Six Things You Need To Know About Volition’s New Saints Row

Saints Row combat in action

Screenshot: Volition / Deep Silver

Yesterday saw the long-awaited reveal of the new Saints Row game from Volition. While many expected a remake or remaster of another game from the series, it turned out to be a reboot of the whole franchise, a brand new Saints Row with a new setting, new characters, and a new sensibility. We’ve gathered all the juicy information that’s out there so far.

Car combat will play differently, and likely not like this

Screenshot: Volition / Deep Silver

The new game is inspired by action movies

According to Volition chief creative officer Jim Boone, the rebooted Saints Row has been partly inspired by three films: Baby Driver, John Wick, and Hobbs And Shaw. Speaking to Games Radar, Boone explained that Baby Driver influenced the game’s “commitment to driving,” John Wick informs the intended “brutality,” and Hobbs And Shaw is “a little bit of that Saints Row sort of flavor, the over-the-top kind of nature we’re known for.”

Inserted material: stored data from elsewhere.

(* Let $f$ and $g$ be the functions of $(\xi,\eta)$ defined in the context, with $\mu=\frac{59729}{19885499729}$ and $c=\frac{149896229}{10}\sqrt{\frac{1495978707}{3317816087784734}}$. Let $$x_1=\tfrac{312498189077}{625000000000},\quad x_2=\tfrac{312498095327}{625000000000},\quad y_1=\tfrac{4330127145451}{5000000000000},\quad y_3=\tfrac{43301267124383}{50000000000000},$$ so that $x_2<x_1$, $y_3<y_1$, and let $R=[x_2,x_1]\times[y_3,y_1]$. Then (i) $g>0$ on the top edge $\{(x,y_1):x\in[x_2,x_1]\}$ and $g<0$ on the bottom edge $\{(x,y_3):x\in[x_2,x_1]\}$; (ii) $f>0$ on the right edge $\{(x_1,y):y\in[y_3,y_1]\}$ and $f<0$ on the left edge $\{(x_2,y):y\in[y_3,y_1]\}$; (iii) consequently there exists a point $P_0=(\xi_0,\eta_0)\in R$ with $f(\xi_0,\eta_0)=g(\xi_0,\eta_0)=0$, i.e. $(\xi_0,\eta_0)$ is an equilibrium point of the relativistic circular restricted three-body system described in the context.
   Context: Relativistic circular restricted three-body problem in rotating coordinates $(\xi,\eta)$ with mass parameter $\mu\in(0,1/2]$ and (normalized) speed of light $c>0$. Set $\rho=\sqrt{\xi^2+\eta^2}$, $\rho_1=\sqrt{(\xi+\mu)^2+\eta^2}$, $\rho_2=\sqrt{(\xi+\mu-1)^2+\eta^2}$, and $V=\dot\xi^2+\dot\eta^2+2(\xi\dot\eta-\dot\xi\eta)+\rho^2$. Define $$w_0=\tfrac12(\xi^2+\eta^2)+\frac{1-\mu}{\rho_1}+\frac{\mu}{\rho_2},$$ $$w_1=-\tfrac32\Big(1-\tfrac13\mu(1-\mu)\Big)\rho^2+\tfrac18V^2+\tfrac32\Big(\frac{1-\mu}{\rho_1}+\frac{\mu}{\rho_2}\Big)V-\tfrac12\Big(\frac{(1-\mu)^2}{\rho_1^2}+\frac{\mu^2}{\rho_2^2}\Big)$$ $$\qquad+\mu(1-\mu)\Big[\Big(4\dot\eta+\tfrac{7\xi}{2}\Big)\Big(\frac1{\rho_1}-\frac1{\rho_2}\Big)-\tfrac12\eta^2\Big(\frac{\mu}{\rho_1^3}+\frac{1-\mu}{\rho_2^3}\Big)+\frac{3\mu-2}{2\rho_1}-\frac{1}{\rho_1\rho_2}+\frac{1-3\mu}{2\rho_2}\Big],$$ $w=w_0+\frac1{c^2}w_1$ (a function of $\xi,\dot\xi,\eta,\dot\eta$), and $n=1-\frac{3}{2c^2}\big(1-\frac13\mu(1-\mu)\big)$. The equations of motion are $$\ddot\xi-2n\dot\eta=\frac{\partial w}{\partial\xi}-\frac{d}{dt}\Big(\frac{\partial w}{\partial\dot\xi}\Big),\qquad \ddot\eta+2n\dot\xi=\frac{\partial w}{\partial\eta}-\frac{d}{dt}\Big(\frac{\partial w}{\partial\dot\eta}\Big).$$ Define $f(\xi,\eta)=\frac{\partial w}{\partial\xi}$ and $g(\xi,\eta)=\frac{\partial w}{\partial\eta}$, both evaluated at $\dot\xi=\dot\eta=0$; the equilibrium points (constant solutions) of the system are exactly the common zeros of $f$ and $g$. *)

From Stdlib Require Import Reals.
Open Scope R_scope.

Definition rho (xi eta : R) : R := sqrt (xi^2 + eta^2).
Definition rho1 (mu xi eta : R) : R := sqrt ((xi + mu)^2 + eta^2).
Definition rho2 (mu xi eta : R) : R := sqrt ((xi + mu - 1)^2 + eta^2).

Definition Vfun (xi xid eta etad : R) : R :=
  xid^2 + etad^2 + 2 * (xi * etad - xid * eta) + (rho xi eta)^2.

Definition w0 (mu xi eta : R) : R :=
  / 2 * (xi^2 + eta^2) + (1 - mu) / rho1 mu xi eta + mu / rho2 mu xi eta.

Definition w1 (mu xi xid eta etad : R) : R :=
  let r := rho xi eta in
  let r1 := rho1 mu xi eta in
  let r2 := rho2 mu xi eta in
  let V := Vfun xi xid eta etad in
  - (3/2) * (1 - /3 * mu * (1 - mu)) * r^2 + /8 * V^2
  + (3/2) * ((1 - mu) / r1 + mu / r2) * V
  - /2 * ((1 - mu)^2 / r1^2 + mu^2 / r2^2)
  + mu * (1 - mu) *
    ( (4 * etad + 7 * xi / 2) * (/ r1 - / r2)
      - /2 * eta^2 * (mu / r1^3 + (1 - mu) / r2^3)
      + (3 * mu - 2) / (2 * r1) - / (r1 * r2) + (1 - 3 * mu) / (2 * r2)).

Definition w (mu c xi xid eta etad : R) : R :=
  w0 mu xi eta + / c^2 * w1 mu xi xid eta etad.

(* "f(xi,eta) = d" : d is the partial derivative dw/dxi at (xi,0,eta,0). *)
Definition is_f (mu c xi eta d : R) : Prop :=
  derivable_pt_lim (fun s => w mu c s 0 eta 0) xi d.
(* "g(xi,eta) = d" : d is the partial derivative dw/deta at (xi,0,eta,0). *)
Definition is_g (mu c xi eta d : R) : Prop :=
  derivable_pt_lim (fun t => w mu c xi 0 t 0) eta d.

Definition mu0 : R := 59729 / 19885499729.
Definition c0 : R := 149896229 / 10 * sqrt (1495978707 / 3317816087784734).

Action shot of the new Saints Row

Screenshot: Volition / Deep Silver

It’s set across nine different districts

This time set in the fictional Santo Ileso, 2024’s Saints Row is themed around cities in the American South West. Each, Volition says, will be distinct, including their version of Las Vegas, here called El Dorado. There will also be the rundown area of Rancho Providencio, while at the other end of the capitalist spectrum, Monte Vista will offer white picket fences in pretty suburbs.

Across all nine, you’ll fight for territory against three other factions, The Idols, Los Panteros, and the Marshalls, while attempting to establish your own start-up crime business. Accompanying you are three new characters, Neenah, Eli, and Kevin, each booted out of one of the other three gangs. Which, yes, does mean there’s no sign of Gat, Kinzie, nor Shaundi. Nor indeed Keith David nor Jane Austin. This is a completely separate story from the previous four games.

A car in the sky, yesterday

Screenshot: Volition / Deep Silver

It will be plenty vertical

As the Saints Row series got sillier, it also got taller. By the fourth game, players spent most of their time flying in futuristic ships or just flying like a superhero. While that’s all being dialed back here, the team ensures there’s still plenty of in-air action, with Polygon reporting the game will include aircraft, hoverboards, and most importantly, wingsuits. The latter will apparently have their own set of side-quests attached.

The game will have an extra emphasis on driving

Screenshot: Volition / Deep Silver

They’ve rejigged car combat

Aside from that rather peculiar statement about Baby Driver and its “commitment to driving,” the new Saints Row is said to take a new approach to being behind the wheel.

Polygon quotes Boone as saying, “We did spend a lot of time with a driving model to try to make it as drivable as possible,” which means…I suppose…he could be saying… no, I’ve got nothing. But he continues that while the game will still let you fire weapons and drive at the same time, it will be different from before, taking away the car’s automatic controls when in combat.

“We’ve gone a different route in terms of the way the car combat works. You’re using the car more as a weapon in Saints Row than you are using your firearms. As a result of that, we didn’t feel like we needed to try to come up with that cruise control mechanic from the past.”

A pretty picture in the as-yet unrevealed engine

Screenshot: Volition / Deep Silver

It’s cross-gen for co-op

The game is coming out for PlayStation 4 and Xbox One, as well as PlayStation 5 and Xbox Series X/S, and Volition promises that the game’s co-op will be cross-generation. Every mission in the game will be playable in co-op, the developers say while sharing the good news that you’ll be able to team up with your lucky buddy who managed to get a new-gen console. There’s no clear word on whether things will also be cross-platform, but that’s always far less likely.

The new gen-z crowd at the front of Saints Row

Screenshot: Volition / Deep Silver

It’s going to be less silly

While couching everything with promises that the new game will still feature the “trademark” humor of the franchise, there’s definitely a strong emphasis being put on how this isn’t a continuation from Saints Row IV.

The gang is made up of Gen Z characters, super-young and, from the footage seen so far, much more optimistic and enthusiastic than the series’ previous collection of cynical, fed up Gen Xers.

Games Radar reports Boone saying Volition wants to shift the tone, describing the previous games as “of a time,” clearly conscious that such deliberately offensive writing and content would be a much harder sell in 2024. But he also points out that considering SRIV ended with the player as the ruler of the galaxy, having defeated an alien super-being within a computer construct of planet Earth, in a story told by Jane Austin, they hadn’t left themselves much room.

Saints Row is set to release February 25 next year, but we’re guessing it will inevitably slip into April.